The HK4 is a pocket pistol, first introduced by Heckler & Koch in 1967. Government agencies received 12,000 pistols in the .32 ACP caliber with the designation P11 and were serial numbered 40001 to 52400.

Design
The HK4 is largely a refined Mauser HSc self-loading pistol. Heckler & Koch were familiar with the HSc design as many of the Heckler & Koch company founders were employees of the Mauser-Werke Oberndorf A.G. company pre- and post-WW2.

Similar to the HSc, the HK4 utilizes a straight blowback action, with a double-action trigger and a slide-mounted safety.

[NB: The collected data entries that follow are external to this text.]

Lemma traj_limit_point (ts : nat -> R) : (forall n, 0 <= ts n) ->
  exists phi : nat -> nat, (forall n, (phi n < phi (S n))%nat) /\
  exists p, forall c, Un_cv (fun n => coord_val Nw (xt (ts (phi n))) c) (coord_val Nw p c).
Proof.
  intro Hts0. destruct coord_bounded_in_cbox as [B HB'].
  destruct (bolzano_weierstrass_list (coord_list Nw) (fun n c => coord_val Nw (xt (ts n)) c) B) as [phi [Hphi Hcv]].
  { intros n c. apply HB', in_obox_cbox, traj_in_obox. auto. }
  assert (Hcv' : forall c, exists L, Un_cv (fun n => coord_val Nw (xt (ts (phi n))) c) L)
    by (intro c; apply Hcv, coord_list_in).
  set (Lf := fun c => proj1_sig (constructive_indefinite_description _ (Hcv' c))).
  exists phi. split; auto. exists (of_coords Nw Lf). intro c. rewrite coord_val_of_coords.
  unfold Lf. destruct (constructive_indefinite_description _ (Hcv' c)); auto.
Qed.

Section LimitPoint.
Variables (tn : nat -> R) (p : state Nw).
Hypothesis Htn : forall n, INR n <= tn n.
Hypothesis Hp : forall c, Un_cv (fun n => coord_val Nw (xt (tn n)) c) (coord_val Nw p c).

Lemma limit_point_late T eps : 0 < eps -> exists n, T <= tn n /\ xclose eps (xt (tn n)) p.
Proof.
  intro He. destruct (Un_cv_xclose Nw _ p Hp eps He) as [N HN]. destruct (INR_unbounded T) as [N2 HN2].
  exists (Nat.max N N2). split; [|apply HN; lia].
  specialize (Htn (Nat.max N N2)). assert (INR N2 <= INR (Nat.max N N2)) by (apply le_INR; lia). lra.
Qed.

Lemma limit_point_om_zero j : om p j = 0.
Proof.
  apply NNPP. intro Hne. set (a := Rabs (om p j)). assert (Ha : 0 < a) by (apply Rabs_pos_lt; auto).
  destruct (om_tends_to_zero (a/2) ltac:(lra)) as [T [HT HT']].
  destruct (limit_point_late T (a/2) ltac:(lra)) as [n [Hn [_ [Hc _]]]].
  specialize (Hc j). specialize (HT' (tn n) Hn j).
  pose proof (Rabs_triang_inv (om p j) (om (xt (tn n)) j)). rewrite Rabs_minus_sym in Hc. unfold a in *. lra.
Qed.

Lemma limit_point_xs_limit j : xs_limit j (xs p j).
Proof.
  intros e' He' T. pose proof (pos_INR (nd Nw j)).
  destruct (limit_point_late T (e' / (INR (nd Nw j) + 1)) ltac:(apply Rdiv_lt_0_compat; lra)) as [n [Hn Hc]].
  exists (tn n). split; auto. eapply Rle_lt_trans; [apply (xclose_vnorm_xs Nw _ _ _ j Hc)|].
  apply Rmult_lt_reg_r with (INR (nd Nw j) + 1); [lra|].
  replace (INR (nd Nw j) * (e' / (INR (nd Nw j) + 1)) * (INR (nd Nw j) + 1)) with (INR (nd Nw j) * e') by (field; lra).
  nra.
Qed.

(* The trajectory returns close to p infinitely often and, its speed being bounded, stays close
   for a time tau independent of the return. *)
Lemma limit_point_dwell d : 0 < d -> exists tau, 0 < tau /\ forall T, exists t1, T <= t1 /\
  forall s, t1 <= s <= t1 + tau -> xclose d p (xt s).
Proof.
  intro Hd. destruct coord_rhs_bounded_in_cbox as [Lx [HLx HLx']].
  set (tau := d / (2 * Lx)). assert (Htau : 0 < tau) by (apply Rdiv_lt_0_compat; lra).
  exists tau. split; auto. intro T.
  destruct (limit_point_late (Rmax T 1) (d/2) ltac:(lra)) as [n [Hn Hc]].
  pose proof (Rmax_l T 1). pose proof (Rmax_r T 1).
  exists (tn n). split; [lra|]. intros s Hs. apply xclose_iff_coords. intro c.
  apply xclose_sym in Hc. rewrite xclose_iff_coords in Hc. specialize (Hc c).
  pose proof (coord_traj_lipschitz Lx HLx' c (tn n) s ltac:(lra)).
  assert (Lx * (s - tn n) <= d / 2)
    by (apply Rle_trans with (Lx * tau); [apply Rmult_le_compat_l; lra|unfold tau; right; field; lra]).
  replace (coord_val Nw p c - coord_val Nw (xt s) c) with
    ((coord_val Nw p c - coord_val Nw (xt (tn n)) c) - (coord_val Nw (xt s) c - coord_val Nw (xt (tn n)) c)) by ring.
  eapply Rle_lt_trans; [apply Rabs_triang|]. rewrite Rabs_Ropp. lra.
Qed.

(* If the frequency derivative at p were c0 <> 0, omega_j would move by about c0 * tau near p,
   contradicting omega -> 0. *)
Lemma limit_point_om_rhs_zero j : om_rhs Nw p j = 0.
Proof.
  apply NNPP. intro Hne. set (c0 := Rabs (om_rhs Nw p j)). assert (Hc0 : 0 < c0) by (apply Rabs_pos_lt; auto).
  destruct (coord_rhs_lipschitz Nw HM HB Hlip (CO j)) as [Lc [HLc HLc']]. simpl in HLc'.
  set (d := c0 / (2 * (Lc + 1))). assert (Hd : 0 < d) by (apply Rdiv_lt_0_compat; lra).
  assert (Hclose : forall y, xclose d p y -> Rabs (om_rhs Nw y j - om_rhs Nw p j) < c0 / 2).
  { intros y Hy. specialize (HLc' p y d ltac:(lra) Hy). rewrite Rabs_minus_sym. eapply Rle_lt_trans; [apply HLc'|].
    unfold d. apply Rmult_lt_reg_r with (2 * (Lc + 1)); [lra|].
    replace (Lc * (c0 / (2 * (Lc + 1))) * (2 * (Lc + 1))) with (Lc * c0) by (field; lra). nra. }
  destruct (limit_point_dwell d Hd) as [tau [Htau Hdwell]].
  destruct (om_tends_to_zero (c0 * tau / 8)) as [T2 [HT2 HT2']]; [apply Rdiv_lt_0_compat; [nra|lra]|].
  destruct (Hdwell (Rmax T2 1)) as [t1 [Ht1 Hin]]. pose proof (Rmax_l T2 1). pose proof (Rmax_r T2 1).
  assert (Hd1 : forall s, t1 <= s <= t1 + tau ->
            derivable_pt_lim (fun s => om (xt s) j) s (om_rhs Nw (xt s) j) /\
            Rabs (om_rhs Nw (xt s) j - om_rhs Nw p j) < c0 / 2)
    by (intros s Hs; split; [apply (traj_derivable_pos s ltac:(lra) (CO j))|apply Hclose, Hin; auto]).
  pose proof (HT2' t1 ltac:(lra) j) as Hw1. pose proof (HT2' (t1 + tau) ltac:(lra) j) as Hw2.
  apply Rabs_def2 in Hw1. apply Rabs_def2 in Hw2.
  destruct (Rle_dec 0 (om_rhs Nw p j)).
  - assert (om_rhs Nw p j = c0) by (unfold c0; rewrite Rabs_right; lra).
    assert (c0 / 2 * (t1 + tau - t1) <= om (xt (t1 + tau)) j - om (xt t1) j); [|nra].
    apply (mean_value_ge (fun s => om (xt s) j)); [lra|]. intros s Hs. exists (om_rhs Nw (xt s) j).
    destruct (Hd1 s Hs) as [Hder Hnear]. apply Rabs_def2 in Hnear. split; auto; lra.
  - assert (om_rhs Nw p j = - c0) by (unfold c0; rewrite Rabs_left; lra).
    assert (om (xt (t1 + tau)) j - om (xt t1) j <= - (c0 / 2) * (t1 + tau - t1)); [|nra].
    apply (mean_value_le (fun s => om (xt s) j)); [lra|]. intros s Hs. exists (om_rhs Nw (xt s) j).
    destruct (Hd1 s Hs) as [Hder Hnear]. apply Rabs_def2 in Hnear. split; auto; lra.
Qed.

Switching between the three different centerfire chamberings (6.35mm Browning aka .25 ACP, 7.65mm Browning aka .32 ACP, 9mm short aka .380 ACP) merely requires swapping the barrel and recoil spring assembly and the magazine.  Switching between the centerfire chamberings and rimfire chambering (.22 LR) also involves a further step of loosening a screw on the breech face and rotating the removable breech face to either the centerfire or rimfire position. 

Occasionally, the grips were made from light metal (duralumin) and stamped steel; these grips can loosen through use and break unexpectedly while shooting.

Reception and legacy
The HK4 is a historical firearm and marks the beginning of pistol production at Heckler & Koch. In its basic structure and the main manufacturing processes, the HK4 laid groundwork for its much more important and successful successor, the H&K P9S.

Due to its high manufacturing quality and easy caliber change, the HK4 was quite successful on the market, though did not offer serious competition to established Walther PP and PPK pistols. HK4's biggest success was the adoption by West German customs as their service weapon.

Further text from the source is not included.